*** Opening Provided data ***
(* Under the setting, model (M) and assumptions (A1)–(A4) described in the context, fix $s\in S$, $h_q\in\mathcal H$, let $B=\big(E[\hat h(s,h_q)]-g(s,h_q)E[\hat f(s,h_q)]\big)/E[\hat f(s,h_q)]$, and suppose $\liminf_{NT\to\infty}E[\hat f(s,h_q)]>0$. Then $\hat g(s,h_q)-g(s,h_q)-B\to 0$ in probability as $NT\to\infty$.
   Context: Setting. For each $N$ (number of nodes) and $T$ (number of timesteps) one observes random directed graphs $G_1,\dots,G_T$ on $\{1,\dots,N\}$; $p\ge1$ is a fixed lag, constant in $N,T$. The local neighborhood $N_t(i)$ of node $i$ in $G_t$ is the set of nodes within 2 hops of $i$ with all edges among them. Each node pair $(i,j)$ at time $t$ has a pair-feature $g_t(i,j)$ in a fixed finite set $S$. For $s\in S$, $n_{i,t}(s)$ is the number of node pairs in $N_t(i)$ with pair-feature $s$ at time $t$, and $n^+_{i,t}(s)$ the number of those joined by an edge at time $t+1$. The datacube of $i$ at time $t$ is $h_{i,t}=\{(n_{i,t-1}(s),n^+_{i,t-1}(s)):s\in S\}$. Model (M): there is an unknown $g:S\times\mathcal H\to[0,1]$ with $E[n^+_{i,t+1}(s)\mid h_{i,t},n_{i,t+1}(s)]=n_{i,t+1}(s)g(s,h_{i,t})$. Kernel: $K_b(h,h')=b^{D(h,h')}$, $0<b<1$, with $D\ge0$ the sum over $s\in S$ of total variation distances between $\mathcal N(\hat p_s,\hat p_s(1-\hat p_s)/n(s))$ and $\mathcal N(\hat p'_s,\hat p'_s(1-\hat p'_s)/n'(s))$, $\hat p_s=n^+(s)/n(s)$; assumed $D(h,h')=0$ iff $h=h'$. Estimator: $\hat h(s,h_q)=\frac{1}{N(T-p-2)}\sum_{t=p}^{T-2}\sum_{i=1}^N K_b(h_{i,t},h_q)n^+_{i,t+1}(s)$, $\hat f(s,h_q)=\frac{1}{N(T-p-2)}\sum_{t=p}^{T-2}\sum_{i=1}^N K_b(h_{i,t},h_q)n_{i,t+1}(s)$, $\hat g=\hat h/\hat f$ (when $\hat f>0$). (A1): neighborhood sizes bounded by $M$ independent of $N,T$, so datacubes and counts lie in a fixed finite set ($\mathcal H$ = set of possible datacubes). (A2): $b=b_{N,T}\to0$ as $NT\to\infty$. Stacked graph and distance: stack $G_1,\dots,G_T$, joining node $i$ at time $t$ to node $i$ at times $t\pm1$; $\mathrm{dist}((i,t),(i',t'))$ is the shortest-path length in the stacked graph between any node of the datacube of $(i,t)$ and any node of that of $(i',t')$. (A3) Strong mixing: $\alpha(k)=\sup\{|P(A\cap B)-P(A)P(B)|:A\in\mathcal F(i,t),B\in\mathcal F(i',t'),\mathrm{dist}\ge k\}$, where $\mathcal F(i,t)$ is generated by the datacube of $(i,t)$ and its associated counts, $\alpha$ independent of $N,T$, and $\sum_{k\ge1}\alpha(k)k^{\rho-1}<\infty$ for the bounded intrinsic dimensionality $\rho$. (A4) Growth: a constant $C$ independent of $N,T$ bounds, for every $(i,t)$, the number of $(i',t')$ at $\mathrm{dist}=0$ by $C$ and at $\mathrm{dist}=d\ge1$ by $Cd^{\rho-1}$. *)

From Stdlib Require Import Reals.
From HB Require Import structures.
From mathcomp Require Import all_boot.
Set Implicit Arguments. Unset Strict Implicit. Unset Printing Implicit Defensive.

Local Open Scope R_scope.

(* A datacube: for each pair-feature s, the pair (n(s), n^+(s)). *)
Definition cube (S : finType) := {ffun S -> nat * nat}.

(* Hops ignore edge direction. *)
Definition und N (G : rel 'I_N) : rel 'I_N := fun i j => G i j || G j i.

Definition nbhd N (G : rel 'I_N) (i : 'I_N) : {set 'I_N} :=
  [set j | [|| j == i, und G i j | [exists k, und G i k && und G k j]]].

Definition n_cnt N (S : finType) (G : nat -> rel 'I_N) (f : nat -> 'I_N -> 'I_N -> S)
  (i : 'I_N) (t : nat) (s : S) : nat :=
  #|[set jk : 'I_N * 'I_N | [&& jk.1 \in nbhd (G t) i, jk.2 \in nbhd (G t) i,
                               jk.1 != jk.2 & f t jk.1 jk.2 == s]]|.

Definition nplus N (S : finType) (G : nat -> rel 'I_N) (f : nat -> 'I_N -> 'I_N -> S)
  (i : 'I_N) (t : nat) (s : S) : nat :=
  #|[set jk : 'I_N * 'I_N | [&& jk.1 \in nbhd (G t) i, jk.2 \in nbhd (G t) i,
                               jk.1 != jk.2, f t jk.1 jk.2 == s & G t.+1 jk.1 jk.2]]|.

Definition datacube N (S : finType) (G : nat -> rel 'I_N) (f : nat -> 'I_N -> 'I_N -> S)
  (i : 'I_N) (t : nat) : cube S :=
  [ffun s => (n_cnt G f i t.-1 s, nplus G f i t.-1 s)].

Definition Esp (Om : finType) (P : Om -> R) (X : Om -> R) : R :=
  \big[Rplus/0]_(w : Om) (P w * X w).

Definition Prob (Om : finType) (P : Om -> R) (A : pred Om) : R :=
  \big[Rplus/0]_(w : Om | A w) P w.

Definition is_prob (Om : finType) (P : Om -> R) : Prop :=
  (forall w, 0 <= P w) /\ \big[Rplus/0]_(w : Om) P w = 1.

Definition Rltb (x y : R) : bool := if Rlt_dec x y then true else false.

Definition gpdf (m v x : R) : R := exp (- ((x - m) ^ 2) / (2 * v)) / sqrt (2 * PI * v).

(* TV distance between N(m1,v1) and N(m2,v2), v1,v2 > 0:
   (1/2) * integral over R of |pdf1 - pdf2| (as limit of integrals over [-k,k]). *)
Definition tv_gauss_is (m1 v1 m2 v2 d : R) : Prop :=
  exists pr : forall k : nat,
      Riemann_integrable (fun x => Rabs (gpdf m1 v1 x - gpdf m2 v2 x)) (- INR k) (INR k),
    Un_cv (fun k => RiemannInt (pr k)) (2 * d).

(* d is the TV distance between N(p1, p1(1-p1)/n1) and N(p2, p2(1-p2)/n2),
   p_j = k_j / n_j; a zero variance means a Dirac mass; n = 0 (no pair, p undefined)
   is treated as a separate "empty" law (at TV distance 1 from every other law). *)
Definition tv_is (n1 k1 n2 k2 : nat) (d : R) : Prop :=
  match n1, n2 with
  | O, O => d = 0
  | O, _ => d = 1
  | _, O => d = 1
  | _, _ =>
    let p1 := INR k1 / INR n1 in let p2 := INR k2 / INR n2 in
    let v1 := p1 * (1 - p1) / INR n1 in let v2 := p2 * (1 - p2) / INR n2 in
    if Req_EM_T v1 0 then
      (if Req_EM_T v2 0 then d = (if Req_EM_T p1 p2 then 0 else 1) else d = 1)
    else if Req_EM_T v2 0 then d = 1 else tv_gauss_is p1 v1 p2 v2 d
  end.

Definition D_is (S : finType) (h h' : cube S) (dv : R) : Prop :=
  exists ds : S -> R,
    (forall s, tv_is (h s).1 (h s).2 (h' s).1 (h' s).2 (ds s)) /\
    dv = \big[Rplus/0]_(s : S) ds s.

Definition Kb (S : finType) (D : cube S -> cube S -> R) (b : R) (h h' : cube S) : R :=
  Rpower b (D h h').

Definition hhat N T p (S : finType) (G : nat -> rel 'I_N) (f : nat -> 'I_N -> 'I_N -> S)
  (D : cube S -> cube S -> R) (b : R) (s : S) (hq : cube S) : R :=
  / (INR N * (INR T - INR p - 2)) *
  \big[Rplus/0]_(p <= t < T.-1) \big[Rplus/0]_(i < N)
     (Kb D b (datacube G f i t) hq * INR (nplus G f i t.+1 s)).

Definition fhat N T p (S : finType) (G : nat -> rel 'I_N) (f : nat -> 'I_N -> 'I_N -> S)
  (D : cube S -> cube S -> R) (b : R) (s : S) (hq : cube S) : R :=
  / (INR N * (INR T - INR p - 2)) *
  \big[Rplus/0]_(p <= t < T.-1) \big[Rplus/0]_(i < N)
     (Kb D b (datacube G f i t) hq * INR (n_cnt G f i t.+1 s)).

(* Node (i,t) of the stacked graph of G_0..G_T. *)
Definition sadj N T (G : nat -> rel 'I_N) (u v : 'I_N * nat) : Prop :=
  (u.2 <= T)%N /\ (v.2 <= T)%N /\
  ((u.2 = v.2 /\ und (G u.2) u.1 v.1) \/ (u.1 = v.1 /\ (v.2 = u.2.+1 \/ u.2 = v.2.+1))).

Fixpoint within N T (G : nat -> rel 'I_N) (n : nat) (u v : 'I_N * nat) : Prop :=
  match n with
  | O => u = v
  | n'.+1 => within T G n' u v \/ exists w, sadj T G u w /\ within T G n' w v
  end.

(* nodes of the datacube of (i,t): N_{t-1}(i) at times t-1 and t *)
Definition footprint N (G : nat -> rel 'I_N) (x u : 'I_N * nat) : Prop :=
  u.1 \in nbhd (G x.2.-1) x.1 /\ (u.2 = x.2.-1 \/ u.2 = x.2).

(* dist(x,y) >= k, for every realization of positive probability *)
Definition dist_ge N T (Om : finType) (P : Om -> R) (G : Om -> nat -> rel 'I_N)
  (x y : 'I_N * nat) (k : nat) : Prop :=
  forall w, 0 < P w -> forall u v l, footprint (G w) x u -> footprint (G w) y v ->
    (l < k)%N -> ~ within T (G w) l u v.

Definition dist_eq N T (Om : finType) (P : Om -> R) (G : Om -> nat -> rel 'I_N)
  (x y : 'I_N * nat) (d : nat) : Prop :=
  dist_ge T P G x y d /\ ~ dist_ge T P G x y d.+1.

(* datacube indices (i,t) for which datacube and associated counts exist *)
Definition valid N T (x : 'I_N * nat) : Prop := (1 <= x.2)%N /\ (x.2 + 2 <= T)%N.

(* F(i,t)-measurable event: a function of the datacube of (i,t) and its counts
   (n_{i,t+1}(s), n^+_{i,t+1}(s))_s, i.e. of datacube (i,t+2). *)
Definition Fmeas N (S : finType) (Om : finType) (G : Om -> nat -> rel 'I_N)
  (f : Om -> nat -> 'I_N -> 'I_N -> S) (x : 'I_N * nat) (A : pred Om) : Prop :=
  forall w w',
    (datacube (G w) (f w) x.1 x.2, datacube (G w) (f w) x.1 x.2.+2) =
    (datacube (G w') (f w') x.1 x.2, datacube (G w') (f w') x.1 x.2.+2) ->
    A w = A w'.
*** Closing Provided data ***
*** Opening Provided data ***
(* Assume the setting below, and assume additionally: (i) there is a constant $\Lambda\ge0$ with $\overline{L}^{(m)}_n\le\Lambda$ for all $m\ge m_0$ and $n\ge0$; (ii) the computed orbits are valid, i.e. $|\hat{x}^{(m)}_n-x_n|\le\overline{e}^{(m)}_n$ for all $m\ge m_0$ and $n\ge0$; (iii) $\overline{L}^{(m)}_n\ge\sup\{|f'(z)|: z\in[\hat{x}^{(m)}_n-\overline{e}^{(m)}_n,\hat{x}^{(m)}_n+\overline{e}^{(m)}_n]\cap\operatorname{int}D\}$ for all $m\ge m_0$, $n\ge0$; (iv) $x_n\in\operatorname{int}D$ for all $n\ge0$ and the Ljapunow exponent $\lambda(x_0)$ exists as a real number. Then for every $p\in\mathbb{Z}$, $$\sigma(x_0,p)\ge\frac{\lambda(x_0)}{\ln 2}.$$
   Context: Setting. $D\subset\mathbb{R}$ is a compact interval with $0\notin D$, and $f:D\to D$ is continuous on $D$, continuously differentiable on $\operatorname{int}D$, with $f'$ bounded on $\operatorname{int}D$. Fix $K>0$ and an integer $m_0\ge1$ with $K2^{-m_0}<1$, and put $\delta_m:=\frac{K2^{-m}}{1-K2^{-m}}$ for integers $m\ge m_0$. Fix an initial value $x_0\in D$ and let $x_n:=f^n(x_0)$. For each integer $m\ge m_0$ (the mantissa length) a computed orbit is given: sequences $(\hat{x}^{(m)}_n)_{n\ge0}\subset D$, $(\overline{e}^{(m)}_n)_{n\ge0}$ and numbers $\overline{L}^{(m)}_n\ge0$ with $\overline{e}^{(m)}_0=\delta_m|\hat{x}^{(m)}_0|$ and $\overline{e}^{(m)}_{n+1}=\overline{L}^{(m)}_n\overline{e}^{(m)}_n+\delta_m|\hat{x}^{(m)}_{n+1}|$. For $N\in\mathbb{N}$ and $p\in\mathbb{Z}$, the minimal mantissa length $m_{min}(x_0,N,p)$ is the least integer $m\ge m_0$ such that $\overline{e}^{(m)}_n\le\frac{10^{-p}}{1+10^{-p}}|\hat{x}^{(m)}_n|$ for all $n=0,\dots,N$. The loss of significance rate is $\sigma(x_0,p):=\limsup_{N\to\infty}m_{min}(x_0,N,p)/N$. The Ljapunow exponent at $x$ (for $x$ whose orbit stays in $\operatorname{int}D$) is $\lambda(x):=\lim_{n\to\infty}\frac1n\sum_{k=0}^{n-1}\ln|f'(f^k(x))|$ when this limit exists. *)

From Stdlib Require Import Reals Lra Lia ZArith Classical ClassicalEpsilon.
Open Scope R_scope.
*** Closing Provided data ***
*** Opening Provided data ***
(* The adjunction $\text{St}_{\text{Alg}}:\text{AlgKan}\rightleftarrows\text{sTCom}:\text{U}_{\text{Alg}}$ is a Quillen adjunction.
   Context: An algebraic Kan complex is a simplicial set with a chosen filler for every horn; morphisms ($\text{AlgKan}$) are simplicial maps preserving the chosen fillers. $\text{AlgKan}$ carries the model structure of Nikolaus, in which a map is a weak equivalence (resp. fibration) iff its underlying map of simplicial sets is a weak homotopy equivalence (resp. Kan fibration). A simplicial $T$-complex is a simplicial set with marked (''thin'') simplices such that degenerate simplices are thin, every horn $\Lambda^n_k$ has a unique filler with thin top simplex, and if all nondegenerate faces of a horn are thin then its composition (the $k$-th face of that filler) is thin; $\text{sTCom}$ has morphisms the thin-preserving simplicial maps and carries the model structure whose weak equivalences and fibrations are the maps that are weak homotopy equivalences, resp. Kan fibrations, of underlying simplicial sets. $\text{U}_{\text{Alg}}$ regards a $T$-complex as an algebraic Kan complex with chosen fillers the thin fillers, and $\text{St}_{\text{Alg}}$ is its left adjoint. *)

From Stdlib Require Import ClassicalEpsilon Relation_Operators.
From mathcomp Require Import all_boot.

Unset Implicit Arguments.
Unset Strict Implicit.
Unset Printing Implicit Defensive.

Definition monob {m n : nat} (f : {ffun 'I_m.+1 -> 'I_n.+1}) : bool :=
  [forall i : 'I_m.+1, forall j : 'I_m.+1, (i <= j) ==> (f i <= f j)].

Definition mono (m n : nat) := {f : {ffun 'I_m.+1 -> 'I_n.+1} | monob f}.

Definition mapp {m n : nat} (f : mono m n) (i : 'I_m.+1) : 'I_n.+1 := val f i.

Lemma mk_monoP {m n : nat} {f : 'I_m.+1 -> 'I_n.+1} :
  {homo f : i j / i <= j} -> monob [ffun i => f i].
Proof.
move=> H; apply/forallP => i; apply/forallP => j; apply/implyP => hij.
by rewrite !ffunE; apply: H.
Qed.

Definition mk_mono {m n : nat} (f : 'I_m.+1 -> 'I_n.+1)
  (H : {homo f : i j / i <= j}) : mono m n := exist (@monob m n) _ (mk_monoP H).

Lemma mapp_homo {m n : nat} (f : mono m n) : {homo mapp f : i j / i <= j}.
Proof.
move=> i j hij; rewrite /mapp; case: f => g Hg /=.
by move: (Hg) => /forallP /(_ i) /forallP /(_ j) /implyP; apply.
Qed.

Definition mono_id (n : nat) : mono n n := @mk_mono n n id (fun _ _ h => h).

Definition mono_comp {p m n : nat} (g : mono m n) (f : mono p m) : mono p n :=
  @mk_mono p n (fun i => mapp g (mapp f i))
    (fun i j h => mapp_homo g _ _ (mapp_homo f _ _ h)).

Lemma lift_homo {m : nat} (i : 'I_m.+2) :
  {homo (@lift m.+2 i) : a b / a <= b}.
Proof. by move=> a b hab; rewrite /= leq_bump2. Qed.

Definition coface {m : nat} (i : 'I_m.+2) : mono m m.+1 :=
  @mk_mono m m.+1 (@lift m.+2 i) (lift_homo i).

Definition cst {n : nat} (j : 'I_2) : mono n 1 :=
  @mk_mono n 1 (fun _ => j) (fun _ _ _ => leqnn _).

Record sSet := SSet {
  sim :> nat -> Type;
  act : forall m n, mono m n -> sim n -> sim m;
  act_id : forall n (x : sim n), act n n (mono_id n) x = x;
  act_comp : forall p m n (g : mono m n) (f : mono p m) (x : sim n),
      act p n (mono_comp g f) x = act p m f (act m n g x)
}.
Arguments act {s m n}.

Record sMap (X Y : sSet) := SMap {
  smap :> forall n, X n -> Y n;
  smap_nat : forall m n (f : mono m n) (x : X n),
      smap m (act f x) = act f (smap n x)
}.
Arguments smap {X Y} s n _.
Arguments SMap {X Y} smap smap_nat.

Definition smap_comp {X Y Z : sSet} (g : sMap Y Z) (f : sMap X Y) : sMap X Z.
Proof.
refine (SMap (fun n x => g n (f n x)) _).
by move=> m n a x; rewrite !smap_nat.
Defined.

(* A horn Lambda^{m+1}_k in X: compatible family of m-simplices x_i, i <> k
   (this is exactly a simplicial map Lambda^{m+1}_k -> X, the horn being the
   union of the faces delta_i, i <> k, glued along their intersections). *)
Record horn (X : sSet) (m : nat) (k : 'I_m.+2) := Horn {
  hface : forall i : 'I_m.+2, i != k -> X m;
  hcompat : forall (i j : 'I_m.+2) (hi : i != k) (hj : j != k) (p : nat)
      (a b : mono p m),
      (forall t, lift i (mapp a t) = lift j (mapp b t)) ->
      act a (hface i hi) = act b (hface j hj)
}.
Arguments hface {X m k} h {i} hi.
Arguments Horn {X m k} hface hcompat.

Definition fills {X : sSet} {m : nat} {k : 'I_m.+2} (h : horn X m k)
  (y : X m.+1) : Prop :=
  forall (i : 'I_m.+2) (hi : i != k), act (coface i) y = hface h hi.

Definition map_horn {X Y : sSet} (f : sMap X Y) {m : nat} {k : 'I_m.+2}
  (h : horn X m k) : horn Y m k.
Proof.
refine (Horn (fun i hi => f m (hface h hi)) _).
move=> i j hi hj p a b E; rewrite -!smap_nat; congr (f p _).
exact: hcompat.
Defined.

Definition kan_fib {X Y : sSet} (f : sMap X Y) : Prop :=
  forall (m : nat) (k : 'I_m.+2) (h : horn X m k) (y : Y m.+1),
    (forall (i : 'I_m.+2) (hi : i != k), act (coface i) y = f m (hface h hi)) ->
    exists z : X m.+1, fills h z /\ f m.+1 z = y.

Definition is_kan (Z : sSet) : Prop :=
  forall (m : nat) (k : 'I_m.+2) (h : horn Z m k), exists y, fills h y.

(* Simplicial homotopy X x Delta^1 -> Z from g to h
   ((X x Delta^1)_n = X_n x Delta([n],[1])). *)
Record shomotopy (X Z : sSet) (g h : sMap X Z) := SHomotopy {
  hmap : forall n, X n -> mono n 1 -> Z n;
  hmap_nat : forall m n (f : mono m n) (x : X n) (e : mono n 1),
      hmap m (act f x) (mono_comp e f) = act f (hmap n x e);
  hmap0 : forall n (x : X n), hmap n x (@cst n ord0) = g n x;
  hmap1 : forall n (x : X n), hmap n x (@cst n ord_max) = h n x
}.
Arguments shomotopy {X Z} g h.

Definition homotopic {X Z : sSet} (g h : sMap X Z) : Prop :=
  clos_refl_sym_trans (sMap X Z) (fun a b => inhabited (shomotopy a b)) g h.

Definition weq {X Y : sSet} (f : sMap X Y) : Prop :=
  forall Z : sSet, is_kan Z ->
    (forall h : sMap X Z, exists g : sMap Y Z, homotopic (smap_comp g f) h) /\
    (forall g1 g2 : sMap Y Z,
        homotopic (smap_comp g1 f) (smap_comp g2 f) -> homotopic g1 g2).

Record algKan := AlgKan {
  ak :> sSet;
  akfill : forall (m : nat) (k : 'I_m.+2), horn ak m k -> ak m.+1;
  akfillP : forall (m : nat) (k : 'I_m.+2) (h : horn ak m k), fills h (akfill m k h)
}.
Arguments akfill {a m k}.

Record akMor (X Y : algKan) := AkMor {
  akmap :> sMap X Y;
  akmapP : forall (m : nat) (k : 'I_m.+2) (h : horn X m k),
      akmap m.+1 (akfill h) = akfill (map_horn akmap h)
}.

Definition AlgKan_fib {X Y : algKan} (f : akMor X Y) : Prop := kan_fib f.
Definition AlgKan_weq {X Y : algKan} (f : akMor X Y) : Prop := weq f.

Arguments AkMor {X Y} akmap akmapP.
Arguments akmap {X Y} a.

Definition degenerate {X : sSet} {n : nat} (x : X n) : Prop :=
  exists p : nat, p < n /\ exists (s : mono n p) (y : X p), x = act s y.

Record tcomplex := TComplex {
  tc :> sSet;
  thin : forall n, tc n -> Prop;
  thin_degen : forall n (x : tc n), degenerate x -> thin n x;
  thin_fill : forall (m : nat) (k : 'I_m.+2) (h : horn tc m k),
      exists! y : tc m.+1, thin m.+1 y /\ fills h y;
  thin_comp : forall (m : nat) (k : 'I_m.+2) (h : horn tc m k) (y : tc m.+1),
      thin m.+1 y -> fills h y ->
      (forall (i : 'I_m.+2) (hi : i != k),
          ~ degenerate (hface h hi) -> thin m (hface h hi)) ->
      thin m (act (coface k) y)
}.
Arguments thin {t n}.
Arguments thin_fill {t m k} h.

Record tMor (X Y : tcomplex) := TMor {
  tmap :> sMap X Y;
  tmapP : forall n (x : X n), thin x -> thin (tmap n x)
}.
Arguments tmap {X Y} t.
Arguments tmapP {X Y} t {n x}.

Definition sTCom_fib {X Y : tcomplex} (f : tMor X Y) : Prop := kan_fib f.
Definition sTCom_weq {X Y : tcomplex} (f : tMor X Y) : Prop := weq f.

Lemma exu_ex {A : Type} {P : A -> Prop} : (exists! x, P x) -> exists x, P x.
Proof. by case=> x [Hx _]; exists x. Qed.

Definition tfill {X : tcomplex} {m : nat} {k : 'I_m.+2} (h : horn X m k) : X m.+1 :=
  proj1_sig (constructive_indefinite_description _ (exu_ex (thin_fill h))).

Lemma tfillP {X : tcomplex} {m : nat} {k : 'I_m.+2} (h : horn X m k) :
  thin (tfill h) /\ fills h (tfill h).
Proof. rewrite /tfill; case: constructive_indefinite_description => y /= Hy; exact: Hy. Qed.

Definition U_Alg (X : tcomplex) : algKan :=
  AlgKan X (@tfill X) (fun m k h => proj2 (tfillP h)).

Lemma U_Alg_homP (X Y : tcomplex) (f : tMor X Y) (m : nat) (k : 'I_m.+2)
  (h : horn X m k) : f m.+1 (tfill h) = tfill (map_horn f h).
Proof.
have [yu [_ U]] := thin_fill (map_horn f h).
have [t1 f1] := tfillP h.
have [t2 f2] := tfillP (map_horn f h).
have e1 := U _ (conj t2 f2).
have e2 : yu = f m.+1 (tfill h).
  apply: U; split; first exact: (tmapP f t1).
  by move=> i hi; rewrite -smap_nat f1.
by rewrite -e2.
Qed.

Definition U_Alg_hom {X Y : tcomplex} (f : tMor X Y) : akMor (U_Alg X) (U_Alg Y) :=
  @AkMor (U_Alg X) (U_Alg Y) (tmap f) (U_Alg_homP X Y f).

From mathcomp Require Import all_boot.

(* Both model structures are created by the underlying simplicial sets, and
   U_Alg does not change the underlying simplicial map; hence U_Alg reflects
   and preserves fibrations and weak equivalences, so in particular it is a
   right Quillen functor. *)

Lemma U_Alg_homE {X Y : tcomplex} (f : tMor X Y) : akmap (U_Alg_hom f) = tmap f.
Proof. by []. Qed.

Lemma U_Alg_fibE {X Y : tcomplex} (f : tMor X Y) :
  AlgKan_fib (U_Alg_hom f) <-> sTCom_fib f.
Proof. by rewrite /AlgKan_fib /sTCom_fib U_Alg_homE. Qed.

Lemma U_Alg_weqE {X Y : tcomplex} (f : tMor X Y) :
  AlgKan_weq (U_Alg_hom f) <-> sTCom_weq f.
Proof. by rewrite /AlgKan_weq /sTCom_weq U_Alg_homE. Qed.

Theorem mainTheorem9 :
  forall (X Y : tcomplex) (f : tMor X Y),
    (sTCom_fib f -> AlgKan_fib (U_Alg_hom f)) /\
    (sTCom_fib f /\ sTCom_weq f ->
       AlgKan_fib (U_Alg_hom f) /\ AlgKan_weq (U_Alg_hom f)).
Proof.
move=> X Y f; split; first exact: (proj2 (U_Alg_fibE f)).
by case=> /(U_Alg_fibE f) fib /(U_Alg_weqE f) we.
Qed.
*** Closing Provided data ***
:: Your goal ::
Retype the entries above exactly, but only from the line containing "m k) : X m.+1" through the line containing "AlgKan_fib (U_Alg_hom f) /\", both included.

:: Reply ::
Definition tfill {X : tcomplex} {m : nat} {k : 'I_m.+2} (h : horn X m k) : X m.+1 :=
  proj1_sig (constructive_indefinite_description _ (exu_ex (thin_fill h))).

Lemma tfillP {X : tcomplex} {m : nat} {k : 'I_m.+2} (h : horn X m k) :
  thin (tfill h) /\ fills h (tfill h).
Proof. rewrite /tfill; case: constructive_indefinite_description => y /= Hy; exact: Hy. Qed.

Definition U_Alg (X : tcomplex) : algKan :=
  AlgKan X (@tfill X) (fun m k h => proj2 (tfillP h)).

Lemma U_Alg_homP (X Y : tcomplex) (f : tMor X Y) (m : nat) (k : 'I_m.+2)
  (h : horn X m k) : f m.+1 (tfill h) = tfill (map_horn f h).
Proof.
have [yu [_ U]] := thin_fill (map_horn f h).
have [t1 f1] := tfillP h.
have [t2 f2] := tfillP (map_horn f h).
have e1 := U _ (conj t2 f2).
have e2 : yu = f m.+1 (tfill h).
  apply: U; split; first exact: (tmapP f t1).
  by move=> i hi; rewrite -smap_nat f1.
by rewrite -e2.
Qed.

Definition U_Alg_hom {X Y : tcomplex} (f : tMor X Y) : akMor (U_Alg X) (U_Alg Y) :=
  @AkMor (U_Alg X) (U_Alg Y) (tmap f) (U_Alg_homP X Y f).

From mathcomp Require Import all_boot.

(* Both model structures are created by the underlying simplicial sets, and
   U_Alg does not change the underlying simplicial map; hence U_Alg reflects
   and preserves fibrations and weak equivalences, so in particular it is a
   right Quillen functor. *)

Lemma U_Alg_homE {X Y : tcomplex} (f : tMor X Y) : akmap (U_Alg_hom f) = tmap f.
Proof. by []. Qed.

Lemma U_Alg_fibE {X Y : tcomplex} (f : tMor X Y) :
  AlgKan_fib (U_Alg_hom f) <-> sTCom_fib f.
Proof. by rewrite /AlgKan_fib /sTCom_fib U_Alg_homE. Qed.

Lemma U_Alg_weqE {X Y : tcomplex} (f : tMor X Y) :
  AlgKan_weq (U_Alg_hom f) <-> sTCom_weq f.
Proof. by rewrite /AlgKan_weq /sTCom_weq U_Alg_homE. Qed.

Theorem mainTheorem9 :
  forall (X Y : tcomplex) (f : tMor X Y),
    (sTCom_fib f -> AlgKan_fib (U_Alg_hom f)) /\
    (sTCom_fib f /\ sTCom_weq f ->
       AlgKan_fib (U_Alg_hom f) /\ AlgKan_weq (U_Alg_hom f)).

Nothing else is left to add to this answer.